Procedure, Substance, and Judge Shopping

Procedure, Substance, and Judge Shopping

Every litigant forum shops. Plaintiffs sue where they think they’ll get the best outcome. Defendants can challenge that choice in many ways: by objecting to jurisdiction or venue, for instance, or by removing the case from state to federal court. Though haggling over the forum isn’t always the best use of the parties’ money and the courts’ time, forum shopping is an accepted litigation strategy.

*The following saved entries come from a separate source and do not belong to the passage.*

(* Let $k\ge 5$ be an integer and let $H$ be a weighted graph with edge weight $\omega:E(H)\to\{3,4,5\}$. If $H$ contains no cycle of odd weight smaller than $2k+1$, then for every $u\in V(H)$ the set $N^{k-3}_\omega[u]$ is weighted bipartite.
   Context: The weight of a subgraph is the sum of the weights of its edges. The weighted distance $d_\omega(x,y)$ is the minimum weight of an $x,y$-path in $H$, and $N^i_\omega[u]=\{x\in V(H): d_\omega(x,u)\le i\}$. A vertex set $S$ is weighted bipartite if the induced subgraph $H[S]$ contains no cycle of odd weight. *)

From mathcomp Require Import all_boot.
Set Implicit Arguments. Unset Strict Implicit. Unset Printing Implicit Defensive.

Section WGraph.
Variables (T : finType) (e : rel T) (w : T -> T -> nat).

Definition simple_graph := symmetric e /\ irreflexive e.
Definition weight_sym := forall x y, e x y -> w x y = w y x.

Definition seq_weight (s : seq T) : nat :=
  \sum_(p <- zip s (behead s)) w p.1 p.2.

Definition is_cycle (c : seq T) : bool := [&& 3 <= size c, cycle e c & uniq c].

Definition cycle_weight (c : seq T) : nat :=
  \sum_(p <- zip c (rot 1 c)) w p.1 p.2.

Definition is_path (x y : T) (p : seq T) : bool :=
  [&& path e x p, uniq (x :: p) & last x p == y].

(* d_w(x,u) <= i  iff  some x,u-path has weight <= i (d_w is a minimum) *)
Definition wdist_le (x u : T) (i : nat) : Prop :=
  exists p, is_path x u p /\ seq_weight (x :: p) <= i.

Definition in_wball (u : T) (i : nat) (x : T) : Prop := wdist_le x u i.

Definition weighted_bipartite (S : T -> Prop) : Prop :=
  forall c, is_cycle c -> (forall v, v \in c -> S v) -> ~~ odd (cycle_weight c).
End WGraph.

From mathcomp Require Import all_boot zify.

Set Implicit Arguments. Unset Strict Implicit. Unset Printing Implicit Defensive.

(* For each vertex v of the cycle fix a v,u-walk P_v of weight at most k - 3
   and let pi v be the parity of its weight.  For an edge ab of the cycle, the
   closed walk a -> b -P_b-> u -P_a reversed-> a weighs at most
   5 + 2(k - 3) < 2k + 1.  An odd closed walk contains an odd cycle of no
   larger weight, so this walk is even, i.e. w(ab) = pi a + pi b (mod 2);
   summing around the cycle, its weight is even. *)

Lemma split_not_uniq (T : eqType) (s : seq T) :
  ~~ uniq s -> exists p1 y p2 p3, s = p1 ++ y :: p2 ++ y :: p3.
Proof.
elim: s => [|a s IHs] //=; rewrite negb_and negbK => /orP[/splitPr[p2 p3] | /IHs].
  by exists [::], a, p2, p3.
by case=> p1 [y [p2 [p3 ->]]]; exists (a :: p1), y, p2, p3.
Qed.

Lemma last_rev_belast (T : Type) (x : T) p : last (last x p) (rev (belast x p)) = x.
Proof. by case: p => //= y p; rewrite rev_cons last_rcons. Qed.

Section WeightedWalks.
Variables (T : finType) (e : rel T) (w : T -> T -> nat).

Fixpoint walk_weight (x : T) (p : seq T) : nat :=
  if p is y :: p' then w x y + walk_weight y p' else 0.

Lemma walk_weight_cat x p q :
  walk_weight x (p ++ q) = walk_weight x p + walk_weight (last x p) q.
Proof. by elim: p x => [|y p IHp] x //=; rewrite IHp addnA. Qed.

Lemma walk_weight_rcons x p y :
  walk_weight x (rcons p y) = walk_weight x p + w (last x p) y.
Proof. by rewrite -cats1 walk_weight_cat /= addn0. Qed.

Lemma seq_weight_cons x p : seq_weight w (x :: p) = walk_weight x p.
Proof. by elim: p x => [|y p IHp] x; rewrite /seq_weight /= ?big_nil // big_cons -IHp. Qed.

Lemma cycle_weight_cons x q : cycle_weight w (x :: q) = walk_weight x (rcons q x).
Proof.
rewrite /cycle_weight rot1_cons; elim: q {1 3}x => [|y q IHq] z /=.
  by rewrite big_cons big_nil.
by rewrite big_cons IHq.
Qed.

Lemma odd_walk_weight_potential (pi : T -> bool) x p :
    path e x p -> {in x :: p &, forall a b, e a b -> odd (w a b) = pi a (+) pi b} ->
  odd (walk_weight x p) = pi x (+) pi (last x p).
Proof.
elim: p x => [|y p IHp] x /=; first by rewrite addbb.
move=> /andP[exy walk_p] pi_edges.
rewrite oddD pi_edges ?inE ?eqxx ?orbT // IHp // ?addbA ?addbK //.
by apply: sub_in2 pi_edges => v v_in; rewrite in_cons v_in orbT.
Qed.

Lemma cycle_weight_even_potential (pi : T -> bool) c :
    cycle e c -> {in c &, forall a b, e a b -> odd (w a b) = pi a (+) pi b} ->
  ~~ odd (cycle_weight w c).
Proof.
case: c => [|x q] walk_c pi_edges; first by rewrite /cycle_weight big_nil.
rewrite cycle_weight_cons (odd_walk_weight_potential (pi := pi) walk_c) ?last_rcons ?addbb //.
by apply: sub_in2 pi_edges => v; rewrite inE mem_rcons inE orbA orbb.
Qed.

Lemma walk_weight_splice x p1 y p2 p3 :
  walk_weight x (p1 ++ y :: p2 ++ y :: p3) =
  walk_weight x (p1 ++ y :: p3) + walk_weight y (rcons p2 y).
Proof. by rewrite !walk_weight_cat /= walk_weight_cat walk_weight_rcons /=; lia. Qed.

Lemma path_splice x p1 y p2 p3 :
  path e x (p1 ++ y :: p2 ++ y :: p3) ->
  path e x (p1 ++ y :: p3) /\ path e y (rcons p2 y).
Proof. by rewrite !cat_path /= cat_path rcons_path /= => /and5P[-> -> -> -> ->]. Qed.

Hypotheses (e_sym : symmetric e) (w_sym : weight_sym e w).

Lemma path_rev_belast x p : path e x p -> path e (last x p) (rev (belast x p)).
Proof. by rewrite rev_path; apply: sub_path => a b; rewrite e_sym. Qed.

Lemma walk_weight_rev x p :
  path e x p -> walk_weight (last x p) (rev (belast x p)) = walk_weight x p.
Proof.
elim: p x => [|y p IHp] x //= /andP[exy walk_p].
by rewrite rev_cons walk_weight_rcons IHp // last_rev_belast -w_sym // addnC.
Qed.

Hypothesis e_irr : irreflexive e.

Lemma closed_uniq_walk_cycle x q :
  path e x (rcons q x) -> uniq (rcons q x) -> odd (walk_weight x (rcons q x)) ->
  is_cycle e (x :: q).
Proof.
rewrite rcons_uniq /is_cycle /= => walk_q /andP[-> ->]; rewrite walk_q !andbT.
case: q walk_q => [|y [|z q]] //=; first by rewrite e_irr.
by rewrite andbT addn0 => /andP[exy _]; rewrite w_sym // oddD addbb.
Qed.

Lemma odd_closed_walk_cycle x p :
  path e x p -> last x p = x -> odd (walk_weight x p) ->
  exists c, [/\ is_cycle e c, odd (cycle_weight w c) & cycle_weight w c <= walk_weight x p].
Proof.
have [n] := ubnP (size p); elim: n x p => // n IHn x p.
rewrite ltnS => size_p walk_p closed_p odd_p.
have [uniq_p | /split_not_uniq[p1 [y [p2 [p3 def_p]]]]] := boolP (uniq p).
  case/lastP: p size_p walk_p closed_p odd_p uniq_p => [|q z] //.
  rewrite last_rcons => _ walk_q z_x; subst z => odd_q uniq_q.
  by exists (x :: q); rewrite cycle_weight_cons; split=> //; apply: closed_uniq_walk_cycle.
move: walk_p closed_p odd_p; rewrite def_p walk_weight_splice oddD !last_cat /= last_cat.
case/path_splice=> walkA walkB closed_p odd_p.
have closedA : last x (p1 ++ y :: p3) = x by rewrite last_cat.
have closedB : last y (rcons p2 y) = y by rewrite last_rcons.
have [sizeA sizeB] : size (p1 ++ y :: p3) < n /\ size (rcons p2 y) < n.
  by move: size_p; rewrite def_p !size_cat /= size_cat size_rcons /=; lia.
have [oddA | /negbTE evenA] := boolP (odd (walk_weight x (p1 ++ y :: p3))).
  have [c [cycle_c odd_c le_c]] := IHn _ _ sizeA walkA closedA oddA.
  by exists c; split=> //; rewrite (leq_trans le_c) ?leq_addr.
rewrite evenA in odd_p; have [c [cycle_c odd_c le_c]] := IHn _ _ sizeB walkB closedB odd_p.
by exists c; split=> //; rewrite (leq_trans le_c) ?leq_addl.
Qed.

Variable g : nat.
Hypothesis odd_girth :
  forall c, is_cycle e c -> odd (cycle_weight w c) -> g <= cycle_weight w c.

Lemma short_closed_walk_even x p :
  path e x p -> last x p = x -> walk_weight x p < g -> ~~ odd (walk_weight x p).
Proof.
move=> walk_p closed_p short_p; apply/negP => /(odd_closed_walk_cycle walk_p closed_p).
case=> c [cycle_c /(odd_girth cycle_c) le_g le_c].
by move: short_p; rewrite ltnNge (leq_trans le_g le_c).
Qed.

Lemma edge_parity u a b pa pb :
  e a b -> path e a pa -> last a pa = u -> path e b pb -> last b pb = u ->
  w a b + walk_weight a pa + walk_weight b pb < g ->
  odd (w a b) = odd (walk_weight a pa) (+) odd (walk_weight b pb).
Proof.
move=> eab walk_a last_a walk_b last_b short.
pose loop := b :: pb ++ rev (belast a pa).
have walk_loop : path e a loop.
  by rewrite /= eab cat_path walk_b last_b -last_a path_rev_belast.
have closed_loop : last a loop = a by rewrite /= last_cat last_b -last_a last_rev_belast.
have weight_loop : walk_weight a loop = w a b + walk_weight a pa + walk_weight b pb.
  by rewrite /= walk_weight_cat last_b -last_a walk_weight_rev // addnA addnAC.
have := short_closed_walk_even walk_loop closed_loop; rewrite weight_loop => /(_ short).
by rewrite !oddD; case: odd; case: odd; case: odd.
Qed.

End WeightedWalks.

Theorem lemma4p1 (k : nat) (T : finType) (e : rel T) (w : T -> T -> nat) :
  5 <= k ->
  simple_graph e ->
  weight_sym e w ->
  (forall x y, e x y -> w x y \in [:: 3; 4; 5]) ->
  (forall c, is_cycle e c -> odd (cycle_weight w c) -> 2 * k + 1 <= cycle_weight w c) ->
  forall u : T, weighted_bipartite e w (in_wball e w u (k - 3)).
Proof.
move=> k_ge5 [e_sym e_irr] w_sym w_345 odd_girth u c /and3P[_ cycle_c _] c_in_ball.
pose reaches v p := [&& path e v p, last v p == u & walk_weight w v p <= k - 3].
have /fin_all_exists[f reaches_f] : forall v, exists p, v \in c -> reaches v p.
  move=> v; have [/c_in_ball[p [/and3P[walk_p _ last_p] le_p]] | _] := boolP (v \in c).
    by exists p => _; rewrite /reaches walk_p last_p -seq_weight_cons.
  by exists [::].
apply: (cycle_weight_even_potential (pi := fun v => odd (walk_weight w v (f v))) cycle_c) => a b.
move=> /reaches_f/and3P[walk_a /eqP last_a le_a] /reaches_f/and3P[walk_b /eqP last_b le_b] eab.
apply: (edge_parity e_sym w_sym e_irr odd_girth eab walk_a last_a walk_b last_b).
(* Of [5 <= k] only [3 <= k] matters: it keeps [k - 3] from truncating. *)
have : w a b <= 5 by move: (w_345 a b eab); rewrite !inE => /or3P[] /eqP ->.
lia.
Qed.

Sometimes, however, plaintiffs can shop not just for the court but for the individual judge who will hear their case. In recent years, state attorneys general and private interest groups have nullified federal laws on abortion, gun control, transgender rights, and more by suing in courts where they could be certain the case would be assigned to a specific, sympathetic judge. Judge shopping is also why patent infringement cases pile up in unusual places, such as Waco and Marshall, Texas, where judges give patent owners the settlement leverage they want. This Article critiques judge shopping in not just one area of law but as a unitary phenomenon. That analysis reveals surprising parallels among the various types of cases in which judge shopping occurs. Namely, the Article shows how judge shopping is not only about finding judges with preordained substantive views; it’s also driven by the favorable procedures those judges offer plaintiffs.

So many litigants have realized judge shopping’s benefits that it’s not going away. Recent attempts to curb judge shopping only in particular areas of the law or in specific courts won’t stop the practice entirely. The only realistic solution may be an uncomfortable one: giving both parties some ability to judge shop.